■ INSTRUCTIONS FOR THE TASK: Please copy each line from the entries that contains the string "first".

■ SUPPLIED MATERIAL:

(* The planar system p' = a p - b q, q' = a q + b p is the complex equation
   w' = (a + i b) w for w = p + i q, written in real coordinates. *)
Lemma planar_linear_ode_sol (p q : R -> R) (a b : R) :
  (forall r : R, is_derive r 1 p (a * p r - b * q r)) ->
  (forall r : R, is_derive r 1 q (a * q r + b * p r)) ->
  forall s, p s = expR (a * s) * (p 0 * cos (b * s) - q 0 * sin (b * s)) /\
            q s = expR (a * s) * (q 0 * cos (b * s) + p 0 * sin (b * s)).
Proof.
move=> dp dq s.
have dexp (r : R) : is_derive r 1 (fun r => expR (- a * r)) (expR (- a * r) * - a).
  by apply: is_derive_comp_mull; exact: is_derive_expR.
have dcos (r : R) : is_derive r 1 (fun r => cos (b * r)) (- sin (b * r) * b).
  by apply: is_derive_comp_mull; exact: is_derive_cos.
have dsin (r : R) : is_derive r 1 (fun r => sin (b * r)) (cos (b * r) * b).
  by apply: is_derive_comp_mull; exact: is_derive_sin.
pose u r := expR (- a * r) * (p r * cos (b * r) + q r * sin (b * r)).
pose v r := expR (- a * r) * (q r * cos (b * r) - p r * sin (b * r)).
have u_cst : u s = p 0.
  have du (r : R) : is_derive r 1 u 0.
    by apply: is_derive_eq; rewrite /GRing.scale /=; ring.
  rewrite (is_derive_0_is_cst s 0 du).
  by rewrite /u !mulr0 expR0 cos0 sin0 mulr0 addr0 !mul1r mulr1.
have v_cst : v s = q 0.
  have dv (r : R) : is_derive r 1 v 0.
    by apply: is_derive_eq; rewrite /GRing.scale /=; ring.
  rewrite (is_derive_0_is_cst s 0 dv).
  by rewrite /v !mulr0 expR0 cos0 sin0 mulr0 subr0 !mul1r mulr1.
have expRNK : expR (a * s) * expR (- a * s) = 1 by rewrite -expRD mulNr subrr expR0.
have pythag : cos (b * s) ^+ 2 + sin (b * s) ^+ 2 = 1 by rewrite cos2Dsin2.
rewrite -u_cst -v_cst /u /v; split.
- transitivity (expR (a * s) * expR (- a * s) * p s * (cos (b * s) ^+ 2 + sin (b * s) ^+ 2)).
    by rewrite expRNK pythag mulr1 mul1r.
  by ring.
- transitivity (expR (a * s) * expR (- a * s) * q s * (cos (b * s) ^+ 2 + sin (b * s) ^+ 2)).
    by rewrite expRNK pythag mulr1 mul1r.
  by ring.
Qed.

End RealPlanarODE.

Section ComplexLines.
Local Open Scope classical_set_scope.
Variable R : realType.
Local Notation C := (Cx R).
Local Notation Re := (@complex.Re R).
Local Notation Im := (@complex.Im R).

Lemma eqC (z w : C) : Re z = Re w -> Im z = Im w -> z = w.
Proof. by case: z => a b; case: w => u v /= -> ->. Qed.

Lemma ReM (z w : C) : Re (z * w) = Re z * Re w - Im z * Im w.
Proof. by case: z => a b; case: w. Qed.

Lemma ImM (z w : C) : Im (z * w) = Re z * Im w + Im z * Re w.
Proof. by case: z => a b; case: w. Qed.

Lemma Re_realCM (a : R) (z : C) : Re (a%:C * z) = a * Re z.
Proof. by rewrite ReM /= mul0r subr0. Qed.

Lemma Im_realCM (a : R) (z : C) : Im (a%:C * z) = a * Im z.
Proof. by rewrite ImM /= mul0r addr0. Qed.

Lemma Re_mulNi (z : C) : Re (- 'i * z) = Im z.
Proof. by case: z => a b /=; rewrite oppr0 mul0r sub0r mulN1r opprK. Qed.

Lemma realC_eq0 (a : R) : (a%:C == 0 :> C) = (a == 0).
Proof. by apply/eqP/eqP => [[]|->]. Qed.

Lemma i_neq0 : ('i : C) != 0.
Proof. by apply/eqP => /(congr1 Im) /= /eqP; rewrite oner_eq0. Qed.

Lemma normc_ge_Re (z : C) : (`|Re z|)%:C <= `|z|.
Proof.
rewrite normc_def lecR -sqrtr_sqr ler_sqrt; last by rewrite addr_ge0 ?sqr_ge0.
by rewrite lerDl sqr_ge0.
Qed.

Lemma cvg_Re {T : Type} {F : set_system T} {FF : Filter F} (G : T -> C) (l : C) :
  G @ F --> l -> (fun t => Re (G t)) @ F --> Re l.
Proof.
move=> /cvgrPdist_lt G_l; apply/cvgrPdist_lt => e e0.
have e0C : (0 : C) < e%:C by rewrite ltcR.
apply: filterS (G_l _ e0C) => t.
rewrite -raddfB /= -ltcR; exact: le_lt_trans (normc_ge_Re _).
Qed.

Lemma cvg_realC_dnbhs0 : (fun h : R => h%:C : C) @ (0 : R)^' --> (0 : C).
Proof.
apply/cvgrPdist_lt => e e0.
have [-> e0R] : e = (Re e)%:C /\ 0 < Re e.
  by case: e e0 => a b; rewrite ltcE /= => /andP[/eqP ->].
near=> h; rewrite sub0r normrN normc_def /= expr0n addr0 sqrtr_sqr ltcR.
by near: h; exact: dnbhs0_lt.
Unshelve. all: by end_near.
Qed.
(* Let $\beta\in(0,1)$, $z>0$, $c>0$, and let $N$ be a positive integer. Let $F$ be a continuous cumulative distribution function with support $[\underline{w},\overline{w}]$, $\underline{w}<\overline{w}$, and mean $\mu_w$. Assume $\underline{w}<(1-\beta)z+\beta\mu_w$ and $z+c<\overline{w}$. For $x\in[\underline{w},\overline{w}]$ put $$\Upsilon(x)=\int_{\underline{w}}^{x}x\,dF(w)+\int_{x}^{\overline{w}}w\,dF(w).$$ Then the equation $x=z(1-\beta)+\beta\,\Upsilon(x)$ has exactly one solution $x\in[\underline{w},\overline{w}]$; call it $w_R(0)$. Defining recursively $w_R(n)=(z+c)(1-\beta)+\beta\,\Upsilon(w_R(n-1))$ for $n=1,\dots,N$, we have $$\overline{w}>w_R(N)>\cdots>w_R(n+1)>w_R(n)>\cdots>w_R(0)>\underline{w}.$$ Moreover, the same conclusions hold when the support of $F$ is $[\underline{w},\infty)$ (with $F$ continuous with finite mean $\mu_w$, $\underline{w}<(1-\beta)z+\beta\mu_w$, $\Upsilon(x)=\int_{\underline{w}}^{x}x\,dF(w)+\int_x^\infty w\,dF(w)$): the equation $x=z(1-\beta)+\beta\Upsilon(x)$ has a unique solution $w_R(0)\in[\underline{w},\infty)$ and $\underline{w}<w_R(0)<w_R(1)<\cdots<w_R(N)<\infty$.
   Context: Interpretation (the paper's model): a risk-neutral, infinitely lived worker maximizes $\mathrm{E}_0\sum_{t\ge0}\beta^t x_t$, where $x_t$ is income. While unemployed, the worker draws one i.i.d. wage offer per period from $F$; an accepted job paying $w$ is kept forever (value $W(w)=w/(1-\beta)$). While unemployed with $n\ge1$ remaining periods of unemployment-insurance benefits, flow income is $z+c$ ($z$ = value of nonwork, $c$ = benefit) and the state moves to $n-1$ after a rejection; with $n=0$ remaining periods flow income is $z$ and the state stays at $0$. The value of unemployment satisfies $U(n)=z+c+\beta\mathrm{E}[\max\{U(n-1),W(w)\}]$ for $n\ge1$ and $U(0)=z+\beta\mathrm{E}[\max\{U(0),W(w)\}]$. The reservation wage $w_R(n)$ is defined by $W(w_R(n))=U(n)$, and it satisfies exactly the equations given in the claim; the optimal policy in state $n$ is to accept any offer $w\ge w_R(n)$. No possibility of extension of benefits is considered here. *)

From HB Require Import structures.
From mathcomp Require Import all_boot all_order all_algebra.
From mathcomp Require Import all_classical all_reals all_analysis.
Set Implicit Arguments. Unset Strict Implicit. Unset Printing Implicit Defensive.
Import Order.TTheory GRing.Theory Num.Theory.
Import numFieldNormedType.Exports.
Local Open Scope classical_set_scope.
Local Open Scope ring_scope.

Definition cdfP (R : realType) (P : probability R R) (x : R) : R :=
  fine (P [set` `]-oo, x]]).

(* support of P: points all of whose neighbourhoods have positive probability
   (the smallest closed set of full measure) *)
Definition dist_support (R : realType) (P : probability R R) : set R :=
  [set x | forall e : R, 0 < e -> (0 < P (ball x e))%E].

Definition meanP (R : realType) (P : probability R R) : R :=
  fine (\int[P]_w (w%:E)).

Definition UpsilonB (R : realType) (P : probability R R) (a b x : R) : R :=
  fine (\int[P]_(w in [set` `[a, x]]) (x%:E)) + fine (\int[P]_(w in [set` `]x, b]]) (w%:E)).

Definition UpsilonU (R : realType) (P : probability R R) (a x : R) : R :=
  fine (\int[P]_(w in [set` `[a, x]]) (x%:E)) + fine (\int[P]_(w in [set` `]x, +oo[]) (w%:E)).

Definition wR (R : realType) (Ups : R -> R) (beta z c w0 : R) (n : nat) : R :=
  iter n (fun y => (z + c) * (1 - beta) + beta * Ups y) w0.

From HB Require Import structures.
From mathcomp Require Import all_boot all_order all_algebra.
From mathcomp Require Import all_classical all_reals all_analysis.
From mathcomp Require Import ring lra measurable_realfun.
Set Implicit Arguments. Unset Strict Implicit. Unset Printing Implicit Defensive.
Import Order.TTheory GRing.Theory Num.Theory.
Import numFieldNormedType.Exports.
Local Open Scope classical_set_scope.
Local Open Scope ring_scope.

(* For x <= y, Upsilon(y) - Upsilon(x) lies between (y - x) F(x) and (y - x) F(y), so
   Upsilon is nondecreasing and 1-Lipschitz on the support, and strictly increasing
   to the right of wlo, where F > 0.  Hence x |-> z(1 - beta) + beta Upsilon(x) is a
   beta-contraction, and Banach's theorem yields the unique w_R(0).  Continuity of F
   forces F(wlo) = 0 and F(whi) = 1, so Upsilon(wlo) = mu_w and Upsilon(whi) = whi;
   these keep w_R(0) and all later w_R(n) strictly inside the support.  Adding c to
   the flow income lifts w_R(1) above w_R(0), and strict monotonicity of Upsilon
   propagates the inequality w_R(n) < w_R(n+1) along the recursion. *)

Section real_facts.
Variable R : realType.

Lemma contraction_exists_unique_fixed_point (D : set R) (f : R -> R) (q : R) :
  closed D -> D !=set0 -> 0 <= q < 1 -> {homo f : x / D x >-> D x} ->
  (forall x y, D x -> D y -> `|f x - f y| <= q * `|x - y|) ->
  exists! x, D x /\ x = f x.
Proof.
move=> Dcl D0 /andP[q0 q1] fD flip.
pose g : {fun D >-> D} := mkfun_fun fD.
have gc : is_contraction g by exists (NngNum q0); split => // -[x y] [/= Dx Dy]; exact: flip.
have [x Dx xE] := banach_fixed_point gc Dcl D0.
exists x; split => // y [Dy yE].
exact: contraction_fixpoint_unique gc Dx Dy xE yE.
Qed.

Lemma continuous_eq_left_cst (f : R -> R) (a k : R) :
  {for a, continuous f} -> (forall t, t < a -> f t = k) -> f a = k.
Proof.
move=> fa fk; have fak : f x @[x --> a^'-] --> k.
  by apply: cvg_near_cst; near=> t; apply: fk; near: t; exact: nbhs_left_lt.
exact: cvg_unique (cvg_at_left_filter fa) fak.
Unshelve. all: by end_near. Qed.

Lemma continuous_eq_right_cst (f : R -> R) (a k : R) :
  {for a, continuous f} -> (forall t, a < t -> f t = k) -> f a = k.
Proof.
move=> fa fk; have fak : f x @[x --> a^'+] --> k.
  by apply: cvg_near_cst; near=> t; apply: fk; near: t; exact: nbhs_right_gt.
exact: cvg_unique (cvg_at_right_filter fa) fak.
Unshelve. all: by end_near. Qed.

End real_facts.

Section wage_map.
Variables (R : realType) (U : R -> R) (beta : R).

(* [y] is the flow income while unemployed: [z], or [z + c] while benefits last. *)
Definition wage_map (y x : R) : R := y * (1 - beta) + beta * U x.

Hypothesis beta01 : 0 < beta < 1.

Lemma wage_map_le (y y' x x' : R) : y <= y' -> U x <= U x' -> wage_map y x <= wage_map y' x'.
Proof. by case/andP: beta01 => b0 b1 yy' Uxx'; rewrite /wage_map; nra. Qed.

Lemma wage_map_lipschitz (D : set R) (y : R) :
  (forall u v, D u -> D v -> u <= v -> 0 <= U v - U u <= v - u) ->
  forall u v, D u -> D v -> `|wage_map y u - wage_map y v| <= beta * `|u - v|.
Proof.
move=> Ulip u v; wlog uv : u v / u <= v => [sym Du Dv|Du Dv].
  by case: (leP u v) => [/sym|/ltW/sym]; last rewrite distrC (distrC u); apply.
have /andP[U0 U1] := Ulip u v Du Dv uv; case/andP: beta01 => b0 b1.
have -> : wage_map y u - wage_map y v = - (beta * (U v - U u)) by rewrite /wage_map; ring.
rewrite normrN distrC !ger0_norm ?subr_ge0 ?mulr_ge0 ?ler_pM2l//; exact: ltW.
Qed.

Lemma exists_unique_fixed_point_wage_map (D : set R) (z : R) :
  closed D -> D !=set0 -> {homo wage_map z : x / D x >-> D x} ->
  (forall u v, D u -> D v -> u <= v -> 0 <= U v - U u <= v - u) ->
  exists! x, D x /\ x = wage_map z x.
Proof.
move=> Dcl D0 TD Ulip; case/andP: beta01 => b0 b1.
apply: (@contraction_exists_unique_fixed_point _ D _ beta Dcl D0 _ TD).
  by rewrite (ltW b0).
exact: wage_map_lipschitz.
Qed.

Section iterates.
Variables (z c w0 : R) (S : set R).
Hypotheses (Sw0 : S w0) (TS : {homo wage_map (z + c) : x / S x >-> S x}).

Lemma wR_in (n : nat) : S (wR U beta z c w0 n).
Proof. by elim: n => // n; exact: TS. Qed.

Lemma wR_lt_succ : 0 < c -> w0 = wage_map z w0 ->
  (forall x y, S x -> S y -> x < y -> U x < U y) ->
  forall n, wR U beta z c w0 n < wR U beta z c w0 n.+1.
Proof.
move=> c0 w0E Ult; case/andP: beta01 => b0 b1; elim=> [|n IH].
  by rewrite /= {1}w0E /wage_map; nra.
by rewrite /= /wage_map ltrD2l ltr_pM2l// Ult//; [exact: (wR_in n) | exact: (wR_in n.+1)].
Qed.

End iterates.

Lemma unique_fixed_point_and_wR_increasing (D S : set R) (z c : R) :
  closed D -> D !=set0 -> {homo wage_map z : x / D x >-> D x} ->
  (forall u v, D u -> D v -> u <= v -> 0 <= U v - U u <= v - u) ->
  (forall w0, D w0 -> w0 = wage_map z w0 -> S w0) ->
  {homo wage_map (z + c) : x / S x >-> S x} ->
  (forall u v, S u -> S v -> u < v -> U u < U v) -> 0 < c ->
  (exists! x, D x /\ x = wage_map z x) /\
  (forall w0, D w0 -> w0 = wage_map z w0 ->
   forall n, S (wR U beta z c w0 n) /\ wR U beta z c w0 n < wR U beta z c w0 n.+1).
Proof.
move=> Dcl D0 TD Ulip DS TS Ult c0; split; first exact: exists_unique_fixed_point_wage_map.
move=> w0 Dw0 w0E n; have Sw0 := DS w0 Dw0 w0E.
by split; [exact: (wR_in Sw0 TS) | exact: (wR_lt_succ Sw0 TS c0 w0E Ult)].
Qed.

End wage_map.

Section cdfP.
Variables (R : realType) (P : probability R R).
Local Notation F := (cdfP P).

(* The identity as a random variable, to reuse the library's limits of [cdf]. *)
Let idR : R -> R := idfun.
#[local] HB.instance Definition _ :=
  @isMeasurableFun.Build _ _ _ _ idR (@measurable_id _ _ setT).

Let cdfPE : F = fine \o cdf (idR : {RV P >-> R}).
Proof. by []. Qed.

Lemma cdfP_ge0 (x : R) : 0 <= F x.
Proof. by rewrite fine_ge0. Qed.

Lemma cdfP_le1 (x : R) : F x <= 1.
Proof. by rewrite -lee_fin fineK ?fin_num_measure// probability_le1. Qed.

Lemma fine_measure_itvoc (u v : R) : u <= v -> fine (P [set` `]u, v]]) = F v - F u.
Proof.
move=> uv; rewrite /cdfP [in RHS](@itv_bndbnd_setU _ _ _ (BRight u)) ?bnd_simp//.
rewrite measureU//; last first.
  by apply/seteqP; split => x //=; rewrite !in_itv/= => -[h1 /andP[h2 h3]]; lra.
by rewrite fineD ?fin_num_measure//; lra.
Qed.

Lemma cdfP_nondecreasing : {homo F : x y / x <= y}.
Proof.
move=> u v uv; rewrite -subr_ge0 -fine_measure_itvoc//; exact: fine_ge0.
Qed.

Lemma exists_cdfP_lt (y : R) : 0 < y -> exists t, F t < y.
Proof.
move=> y0; have : F t @[t --> -oo] --> 0.
  by rewrite cdfPE; apply/fine_cvg/cvg_cdfNy0.
by move=> /cvgr_lt/(_ y y0)/filter_ex.
Qed.

Lemma exists_cdfP_gt (y : R) : y < 1 -> exists t, y < F t.
Proof.
move=> y1; have : F t @[t --> +oo] --> (1 : R).
  by rewrite cdfPE; apply/fine_cvg/cvg_cdfy1.
by move=> /cvgr_gt/(_ y y1)/filter_ex.
Qed.

Lemma cdfP_gt0_right_of_support (m x : R) : dist_support P m -> m < x -> 0 < F x.
Proof.
move=> Pm mx; have xm0 : 0 < x - m by rewrite subr_gt0.
rewrite -lte_fin /cdfP fineK ?fin_num_measure//.
apply: (lt_le_trans (Pm _ xm0)); apply: le_measure; rewrite ?inE//.
  by rewrite ball_itv; exact: measurable_itv.
by move=> y; rewrite /ball/= ltr_distlC in_itv/= => /andP[_ h]; lra.
Qed.

Lemma in_support_of_increasing (x : R) :
  (forall d, 0 < d -> F (x - d) < F (x + d)) -> dist_support P x.
Proof.
move=> Fx e e0; have e2 : 0 < e / 2 by rewrite divr_gt0.
apply: (@lt_le_trans _ _ (P [set` `](x - e / 2), (x + e / 2)]])).
  rewrite -[X in (_ < X)%E]fineK ?fin_num_measure// lte_fin.
  by rewrite fine_measure_itvoc ?subr_gt0 ?Fx//; lra.
apply: le_measure; rewrite ?inE//; first by rewrite ball_itv; exact: measurable_itv.
by move=> y /=; rewrite in_itv/= /ball/= ltr_distlC => /andP[h1 h2]; lra.
Qed.

Lemma has_sup_cdfP_lt (y : R) : 0 < y < 1 -> has_sup [set t | F t < y].
Proof.
move=> /andP[y0 y1]; have [t Ft] := exists_cdfP_lt y0.
have [M FM] := exists_cdfP_gt y1.
split; first by exists t.
exists M => s /= Fs; rewrite leNgt; apply/negP => /ltW/cdfP_nondecreasing; lra.
Qed.

(* [F] is [< y] just left of the [y]-quantile and [>= y] just right of it. *)
Lemma sup_cdfP_lt_in_support (y : R) : 0 < y < 1 -> dist_support P (sup [set t | F t < y]).
Proof.
move=> /has_sup_cdfP_lt supy; apply: in_support_of_increasing => d d0.
have [t /= Ft dt] := sup_adherent d0 supy.
have Fd : y <= F (sup [set t | F t < y] + d).
  rewrite leNgt; apply/negP => /(sup_upper_bound supy); lra.
by have := cdfP_nondecreasing (ltW dt); lra.
Qed.

Lemma cdfP_eq0_left_of_support (a t : R) :
  (forall x, dist_support P x -> a <= x) -> t < a -> F t = 0.
Proof.
move=> supp ta; apply/eqP; rewrite eq_le cdfP_ge0 andbT leNgt; apply/negP => Ft.
have Ft1 := cdfP_le1 t; have y01 : 0 < F t / 2 < 1 by apply/andP; split; lra.
have := supp _ (sup_cdfP_lt_in_support y01); apply/negP; rewrite -ltNge.
apply: le_lt_trans ta; apply: ge_sup; first by case: (has_sup_cdfP_lt y01).
move=> s /= Fs; rewrite leNgt; apply/negP => /ltW/cdfP_nondecreasing; lra.
Qed.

■ TASK OUTPUT:
move=> Dcl D0 TD Ulip DS TS Ult c0; split; first exact: exists_unique_fixed_point_wage_map.
rewrite measureU//; last first.
apply: le_measure; rewrite ?inE//; first by rewrite ball_itv; exact: measurable_itv.
split; first by exists t.
apply: le_lt_trans ta; apply: ge_sup; first by case: (has_sup_cdfP_lt y01).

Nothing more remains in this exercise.